When WW1 began in 1914, women in Britain were still very much the oppressed gender. Campaigns for women to be allowed the vote were well established. It was only one year previously that Emily Davison had thrown herself under the King’s horse at the Derby, but no votes were to be awarded until after the war, and even then only to women who owned their own homes or were married. By introducing Sarah Lumb and her friends, Barker allows a female perspective to be considered in yet another male dominated situation (ie, the war).

With conscription removing nearly an entire generation of male workers to battle, a large gap in the country’s workforce appeared, a gap made larger by the increasing demand for ammunition created by the war effort. The people who filled tese gaps were mainly lower class women who took the places of their fathers/brothers/uncles who had gone to the front lines. It comes as no surprise to readers of Barker that this is the group of women chosen to focus on as it is representative of the gritty, coarse spoken and northern women of previous novels.

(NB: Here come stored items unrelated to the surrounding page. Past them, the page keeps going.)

(* Let $a,d\in\mathbb N$, $\mu\in\mathbb R$, $\delta=\mu\sigma_d$, and let $\chi$ be a dominant weight with $\chi+\rho+\delta\in\mathbf V^a(1,d)$; let $e=e(\chi)$. Then for every $1\le l\le d$ we have $p_l(\chi)\ge p(\chi)$, and the inequality is strict if $l>e$.
   Context: $M(d)$: character lattice of the diagonal torus of $GL(d)$ with coordinate characters $\beta_i$; dominant means $c_1\le\dots\le c_d$ for $\sum c_i\beta_i$; $\rho=\frac12\sum_{j<i}(\beta_i-\beta_j)$, $\sigma_d=\sum\beta_i$; $\mathbf V^a(1,d)=\frac32\mathrm{sum}[0,\beta_i-\beta_j]+\frac a2\mathrm{sum}[-\beta_k,\beta_k]+\mathrm{sum}[-\beta_k,0]$ (Minkowski sums over all $i,j,k$). For such $\chi$, $\chi+\rho+\delta$ is strictly dominant and lies in $\mathbf V^a(1,d)$, and $e(\chi)$ is the unique $0\le e\le d$ such that $\chi+\rho+\delta=\sum_{j<i\le e}c_{ij}(\beta_i-\beta_j)+\sum_{e<j<i}c_{ij}(\beta_i-\beta_j)+\sum_{j\le e<i}\frac32(\beta_i-\beta_j)+\sum_ic_i\beta_i$ with $0\le c_{ij}\le\frac32$, $-\frac{a+2}2\le c_i\le-\frac a2$ for $i\le e$, $-\frac a2<c_i\le\frac a2$ for $i>e$. For a weight $\psi$ and $1\le l\le d$, writing $\psi+\rho+\delta=\sum b_i\beta_i$, put $p_l(\psi):=\sum_{i\le l}b_i+\frac32l(d-l)+\frac a2l$, and $p(\chi):=p_{e(\chi)}(\chi)$ (which equals $\sum_{i\le e}(c_i+\frac a2)\le0$). *)

(* Weights of the diagonal torus of GL(d) are row vectors
   in 'rV[R]_d; beta i is the i-th coordinate character (indices 0-based:
   paper index k corresponds to i = k-1). *)
From HB Require Import structures.
From mathcomp Require Import all_boot all_order all_algebra.
Set Implicit Arguments. Unset Strict Implicit. Unset Printing Implicit Defensive.
Import Order.TTheory GRing.Theory Num.Theory.
Local Open Scope ring_scope.

Section Defs.
Variables (R : realFieldType) (d : nat).

Definition beta (i : 'I_d) : 'rV[R]_d := delta_mx 0 i.

Definition wvec (chi : 'I_d -> int) : 'rV[R]_d := \row_k (chi k)%:~R.

Definition dominant (chi : 'I_d -> int) : Prop :=
  forall i j : 'I_d, (i <= j)%N -> (chi i <= chi j)%R.

Definition rho : 'rV[R]_d :=
  2^-1 *: \sum_(i : 'I_d) \sum_(j : 'I_d | (j < i)%N) (beta i - beta j).

Definition sigma : 'rV[R]_d := \sum_(i : 'I_d) beta i.
Definition deltaw (mu : R) : 'rV[R]_d := mu *: sigma.

Definition shifted (mu : R) (chi : 'I_d -> int) : 'rV[R]_d :=
  wvec chi + rho + deltaw mu.

(* membership in V^a(1,d) = 3/2 sum[0,beta_i-beta_j] + a/2 sum[-beta_k,beta_k]
   + sum[-beta_k,0], Minkowski sums over all i,j,k. *)
Definition in_Va (a : nat) (v : 'rV[R]_d) : Prop :=
  exists (t : 'I_d -> 'I_d -> R) (s r : 'I_d -> R),
    (forall i j, 0 <= t i j <= 1) /\
    (forall k, -1 <= s k <= 1) /\
    (forall k, -1 <= r k <= 0) /\
    v = (3 / 2) *: (\sum_(i : 'I_d) \sum_(j : 'I_d) t i j *: (beta i - beta j))
        + (a%:R / 2) *: (\sum_(k : 'I_d) s k *: beta k)
        + \sum_(k : 'I_d) r k *: beta k.

(* e is (the) number e(chi) from the decomposition in the paper.
   1-based "i <= e" is 0-based "i < e". *)
Definition is_e (a : nat) (mu : R) (chi : 'I_d -> int) (e : nat) : Prop :=
  (e <= d)%N /\
  exists (c2 : 'I_d -> 'I_d -> R) (c1 : 'I_d -> R),
    (forall i j, 0 <= c2 i j <= 3 / 2) /\
    (forall i : 'I_d, (i < e)%N -> - ((a%:R + 2) / 2) <= c1 i <= - (a%:R / 2)) /\
    (forall i : 'I_d, (e <= i)%N -> - (a%:R / 2) < c1 i <= a%:R / 2) /\
    shifted mu chi =
      \sum_(i : 'I_d) \sum_(j : 'I_d | (j < i)%N && (i < e)%N)
          c2 i j *: (beta i - beta j)
      + \sum_(i : 'I_d) \sum_(j : 'I_d | (e <= j)%N && (j < i)%N)
          c2 i j *: (beta i - beta j)
      + \sum_(i : 'I_d) \sum_(j : 'I_d | (j < e)%N && (e <= i)%N)
          (3 / 2) *: (beta i - beta j)
      + \sum_(i : 'I_d) c1 i *: beta i.

Definition p_l (a : nat) (mu : R) (psi : 'I_d -> int) (l : nat) : R :=
  \sum_(i : 'I_d | (i < l)%N) (shifted mu psi) 0 i
  + (3 / 2) * (l%:R * (d%:R - l%:R)) + (a%:R / 2) * l%:R.

End Defs.

(* Write chi + rho + delta = sum_{j<i} x_ij (beta_i - beta_j) + sum_i c_i beta_i as in the
   definition of e = e(chi).  The correction 3/2 l(d-l) + a/2 l in p_l is the l-th partial
   coordinate sum of -3 rho + a/2 sigma_d, so p_l is the l-th partial sum of
   sum_{j<i} (x_ij - 3/2) (beta_i - beta_j) + sum_i (c_i + a/2) beta_i.
   On a root beta_i - beta_j with j < i the partial sum is 0 or -1, and x_ij <= 3/2, so the
   first part contributes >= 0; it contributes 0 for l = e, because x_ij = 3/2 whenever
   j < e <= i.  The second part is minimised at l = e, since c_i + a/2 <= 0 for i < e and
   c_i + a/2 > 0 for i >= e, which also gives strictness for l > e. *)
From mathcomp Require Import all_boot all_order all_algebra.
From mathcomp Require Import zify ring lra.
Set Implicit Arguments. Unset Strict Implicit. Unset Printing Implicit Defensive.
Import Order.TTheory GRing.Theory Num.Theory.
Local Open Scope ring_scope.

Section PartialSums.
Variables (R : realFieldType) (d : nat).
Implicit Types (l : nat) (u v : 'rV[R]_d).

Definition psum l v : R := \sum_(k : 'I_d | (k < l)%N) v 0 k.

Definition root_comb (y : 'I_d -> 'I_d -> R) : 'rV[R]_d :=
  \sum_(i : 'I_d) \sum_(j : 'I_d | (j < i)%N) y i j *: (beta R i - beta R j).

Definition diag_comb (c : 'I_d -> R) : 'rV[R]_d := \sum_(i : 'I_d) c i *: beta R i.

Lemma psumD l u v : psum l (u + v) = psum l u + psum l v.
Proof. by rewrite /psum -big_split; apply: eq_bigr => k _; rewrite mxE. Qed.

Lemma psumZ l (c : R) v : psum l (c *: v) = c * psum l v.
Proof. by rewrite /psum mulr_sumr; apply: eq_bigr => k _; rewrite mxE. Qed.

Lemma psumB l u v : psum l (u - v) = psum l u - psum l v.
Proof. by rewrite psumD -scaleN1r psumZ mulN1r. Qed.

Lemma psum_sum l (I : Type) (r : seq I) (P : pred I) (F : I -> 'rV[R]_d) :
  psum l (\sum_(i <- r | P i) F i) = \sum_(i <- r | P i) psum l (F i).
Proof.
elim/big_rec2: _ => [|i x y _ <-]; last by rewrite psumD.
by rewrite /psum big1 // => k _; rewrite mxE.
Qed.

Lemma psum_beta l (i : 'I_d) : psum l (beta R i) = (i < l)%:R.
Proof.
rewrite /psum big_mkcond /= (bigD1 i) //= big1 => [|k /negbTE ki].
  by rewrite /beta mxE !eqxx addr0; case: ltnP.
by rewrite /beta mxE eqxx ki; case: ifP.
Qed.

Lemma psum_roots l (y : 'I_d -> 'I_d -> R) :
  psum l (root_comb y)
  = \sum_(i : 'I_d) \sum_(j : 'I_d | (j < i)%N) y i j * ((i < l)%:R - (j < l)%:R).
Proof.
rewrite psum_sum; apply: eq_bigr => i _; rewrite psum_sum.
by apply: eq_bigr => j _; rewrite psumZ psumB !psum_beta.
Qed.

Lemma psum_diag l (c : 'I_d -> R) :
  psum l (diag_comb c) = \sum_(i : 'I_d) c i * (i < l)%:R.
Proof. by rewrite psum_sum; apply: eq_bigr => i _; rewrite psumZ psum_beta. Qed.

Lemma sum_ord_lt l : (l <= d)%N -> \sum_(j : 'I_d) (j < l)%:R = l%:R :> R.
Proof.
move=> le_ld; rewrite -(big_mkord xpredT (fun j => (j < l)%:R)).
rewrite (big_cat_nat (leq0n l) le_ld) /= [X in _ + X]big1_seq ?addr0.
  rewrite (eq_big_nat _ _ (F2 := fun _ => 1)) ?sumr_const_nat ?subn0 //.
  by move=> j /andP[_ ->].
by move=> j /andP[_]; rewrite mem_index_iota => /andP[/leq_gtF ->].
Qed.

Lemma psum_sigma l : (l <= d)%N -> psum l (sigma R d) = l%:R.
Proof.
move=> le_ld; rewrite /sigma psum_sum -(sum_ord_lt le_ld).
by apply: eq_bigr => i _; apply: psum_beta.
Qed.

Lemma root_combB (y z : 'I_d -> 'I_d -> R) :
  root_comb y - root_comb z = root_comb (fun i j => y i j - z i j).
Proof.
rewrite /root_comb -sumrB; apply: eq_bigr => i _.
by rewrite -sumrB; apply: eq_bigr => j _; rewrite scalerBl.
Qed.

Lemma scale_root_comb (k : R) (y : 'I_d -> 'I_d -> R) :
  k *: root_comb y = root_comb (fun i j => k * y i j).
Proof.
rewrite /root_comb scaler_sumr; apply: eq_bigr => i _.
by rewrite scaler_sumr; apply: eq_bigr => j _; rewrite scalerA.
Qed.

Lemma rho_root_comb : rho R d = root_comb (fun _ _ => 2^-1).
Proof.
rewrite /rho /root_comb scaler_sumr; apply: eq_bigr => i _.
by rewrite scaler_sumr.
Qed.

(* For j < i the root beta_i - beta_j contributes -1 exactly when j < l <= i. *)
Lemma psum_rho l : (l <= d)%N -> psum l (rho R d) = - (l%:R * (d%:R - l%:R)) / 2.
Proof.
move=> le_ld; rewrite rho_root_comb psum_roots.
under eq_bigr => i _ do rewrite -mulr_sumr.
rewrite -mulr_sumr mulrC; congr (_ / 2).
transitivity (\sum_(i : 'I_d) \sum_(j : 'I_d) - ((1 - (i < l)%:R) * (j < l)%:R) : R).
  apply: eq_bigr => i _; rewrite big_mkcond /=; apply: eq_bigr => j _.
  by case: (ltnP j i) => ?; case: (ltnP i l) => ?; case: (ltnP j l) => ? /=;
    try (exfalso; lia); ring.
under eq_bigr => i _ do rewrite sumrN -mulr_sumr (sum_ord_lt le_ld).
by rewrite sumrN -mulr_suml sumrB sumr_const card_ord (sum_ord_lt le_ld) mulrC.
Qed.

Lemma p_l_psum (a : nat) (mu : R) (chi : 'I_d -> int) l : (l <= d)%N ->
  p_l a mu chi l = psum l (shifted mu chi - 3 *: rho R d + (a%:R / 2) *: sigma R d).
Proof.
move=> le_ld; rewrite /p_l psumD psumB psumZ psum_rho // psumZ psum_sigma //.
by rewrite /psum; ring.
Qed.

Lemma psum_nonpos_roots_ge0 l (y : 'I_d -> 'I_d -> R) :
  (forall i j : 'I_d, (j < i)%N -> y i j <= 0) ->
  0 <= psum l (root_comb y).
Proof.
move=> y_le0; rewrite psum_roots; apply: sumr_ge0 => i _; apply: sumr_ge0 => j ji.
have := y_le0 i j ji; case: (ltnP i l) => ?; case: (ltnP j l) => ? /=;
  try (exfalso; lia); lra.
Qed.

Lemma psum_roots_eq0 e (y : 'I_d -> 'I_d -> R) :
  (forall i j : 'I_d, (j < e <= i)%N -> y i j = 0) ->
  psum e (root_comb y) = 0.
Proof.
move=> y0; rewrite psum_roots big1 // => i _; rewrite big1 // => j ji.
case: (ltnP j e) => je; case: (ltnP i e) => ie /=; rewrite ?subrr ?mulr0 //.
  by rewrite y0 ?je ?mul0r.
by exfalso; lia.
Qed.

Section Diagonal.
Variables (e : nat) (c : 'I_d -> R).
Hypotheses (c_le0 : forall i : 'I_d, (i < e)%N -> c i <= 0)
           (c_gt0 : forall i : 'I_d, (e <= i)%N -> 0 < c i).

Let psum_diagB l : psum l (diag_comb c) - psum e (diag_comb c)
  = \sum_(i : 'I_d) c i * ((i < l)%:R - (i < e)%:R).
Proof. by rewrite !psum_diag -sumrB; apply: eq_bigr => i _; rewrite mulrBr. Qed.

Let diag_term_ge0 l (i : 'I_d) : 0 <= c i * ((i < l)%:R - (i < e)%:R).
Proof.
case: (ltnP i e) => ie.
  by have := c_le0 ie; case: (i < l)%N => /=; lra.
by have := c_gt0 ie; case: (i < l)%N => /=; lra.
Qed.

Lemma psum_diag_min l :
  psum e (diag_comb c) <= psum l (diag_comb c).
Proof. by rewrite -subr_ge0 psum_diagB; apply: sumr_ge0 => i _; apply: diag_term_ge0. Qed.

Lemma psum_diag_lt l : (e < l <= d)%N ->
  psum e (diag_comb c) < psum l (diag_comb c).
Proof.
move=> /andP[lt_el le_ld]; have lt_ed : (e < d)%N by apply: leq_trans le_ld.
rewrite -subr_gt0 psum_diagB (bigD1 (Ordinal lt_ed)) //=.
apply: ltr_pwDl; last by apply: sumr_ge0 => i _; apply: diag_term_ge0.
by rewrite lt_el ltnn subr0 mulr1 c_gt0.
Qed.

End Diagonal.
End PartialSums.

Section ShiftedDecomposition.
Variables (R : realFieldType) (a d : nat) (mu : R) (chi : 'I_d -> int) (e : nat).
Variables (c2 : 'I_d -> 'I_d -> R) (c1 : 'I_d -> R).
Hypothesis shifted_eq : shifted mu chi =
      \sum_(i : 'I_d) \sum_(j : 'I_d | (j < i)%N && (i < e)%N)
          c2 i j *: (beta R i - beta R j)
      + \sum_(i : 'I_d) \sum_(j : 'I_d | (e <= j)%N && (j < i)%N)
          c2 i j *: (beta R i - beta R j)
      + \sum_(i : 'I_d) \sum_(j : 'I_d | (j < e)%N && (e <= i)%N)
          (3 / 2) *: (beta R i - beta R j)
      + \sum_(i : 'I_d) c1 i *: beta R i.

Definition root_coef (i j : 'I_d) : R :=
  if (i < e)%N || (e <= j)%N then c2 i j else 3 / 2.

Lemma shifted_comb : shifted mu chi = root_comb root_coef + diag_comb c1.
Proof.
rewrite shifted_eq /diag_comb; congr (_ + _).
rewrite /root_comb -!big_split; apply: eq_bigr => i _.
rewrite (big_mkcond (fun j : 'I_d => (j < i < e)%N)).
rewrite (big_mkcond (fun j : 'I_d => (e <= j < i)%N)).
rewrite (big_mkcond (fun j : 'I_d => (j < e <= i)%N)).
rewrite (big_mkcond (fun j : 'I_d => (j < i)%N)).
rewrite -!big_split; apply: eq_bigr => j _ /=; rewrite /root_coef.
by case: (ltnP j i) => ?; case: (ltnP i e) => ?; case: (ltnP j e) => ? /=;
  rewrite ?addr0 ?add0r //; exfalso; lia.
Qed.

Lemma shifted_roots_form :
  shifted mu chi - 3 *: rho R d + (a%:R / 2) *: sigma R d
  = root_comb (fun i j => root_coef i j - 3 / 2) + diag_comb (fun i => c1 i + a%:R / 2).
Proof.
rewrite shifted_comb rho_root_comb scale_root_comb.
rewrite (addrAC (root_comb root_coef)) -!addrA addrA root_combB.
congr (_ + _); rewrite /sigma scaler_sumr /diag_comb -big_split.
by apply: eq_bigr => i _; rewrite scalerDl.
Qed.
End ShiftedDecomposition.

(* Only the decomposition defining e(chi) is used: dominance and membership in V^a(1,d)
   are what guarantee that such an e exists. *)
Theorem lemma3p6 (R : realFieldType) (a d : nat) (mu : R)
    (chi : 'I_d -> int) (e : nat) :
  dominant chi ->
  in_Va a (shifted mu chi) ->
  is_e a mu chi e ->
  forall l : nat, (1 <= l <= d)%N ->
    p_l a mu chi e <= p_l a mu chi l /\
    ((e < l)%N -> p_l a mu chi e < p_l a mu chi l).
Proof.
move=> _ _ [le_ed [c2 [c1 [c2_bd [c1_lo [c1_hi shifted_eq]]]]]] l /andP[_ le_ld].
set y := fun i j => root_coef e c2 i j - 3 / 2.
set c := fun i => c1 i + a%:R / 2.
have p_lE k : (k <= d)%N -> p_l a mu chi k = psum k (root_comb y) + psum k (diag_comb c).
  by move=> le_kd; rewrite p_l_psum // (shifted_roots_form a shifted_eq) psumD.
have y_le0 (i j : 'I_d) : (j < i)%N -> y i j <= 0.
  move=> _; rewrite /y /root_coef subr_le0; case: ifP => _ //.
  by case/andP: (c2_bd i j).
have y_eq0 (i j : 'I_d) : (j < e <= i)%N -> y i j = 0.
  by case/andP=> lt_je le_ei; rewrite /y /root_coef ltnNge le_ei leqNgt lt_je subrr.
have c_le0 (i : 'I_d) : (i < e)%N -> c i <= 0.
  by move/c1_lo/andP=> [_]; rewrite /c -subr_le0 opprK.
have c_gt0 (i : 'I_d) : (e <= i)%N -> 0 < c i.
  by move/c1_hi/andP=> [+ _]; rewrite /c -subr_gt0 opprK.
rewrite !p_lE // (psum_roots_eq0 y_eq0) add0r; split => [|lt_el].
  exact: ler_wpDl (psum_nonpos_roots_ge0 l y_le0) (psum_diag_min c_le0 c_gt0 l).
apply: ltr_wpDl (psum_nonpos_roots_ge0 l y_le0) _.
by apply: psum_diag_lt c_le0 c_gt0 _ _; rewrite lt_el.
Qed.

Until the war began, Sarah was employed as a ‘lady’s maid’, a job which her mother, Ada, considered suitable and which earned her 10 bob per week. The financial pull of the munitions factory was too strong for Sarah and her friends however. The hours may have been long (6 days per week, 12 hours per day) and the work dangerous, but at 50 bob per week, too tempting to refuse. The money allowed Sarah the frredom to pack her bags and leave her mother’s home to find her own lodgings in Edinburgh. When Sarah notes that there would only have been one reason for this to happen before the war she is talking about women getting ‘caught’ in pregnancies outside marriage. The leaving then would be to avoid family shame, but with the war came opportunities for women to spread their wings in support for the country and the war effort. However, these opportunities for women to achieve their own economic status and independence were only available at a price.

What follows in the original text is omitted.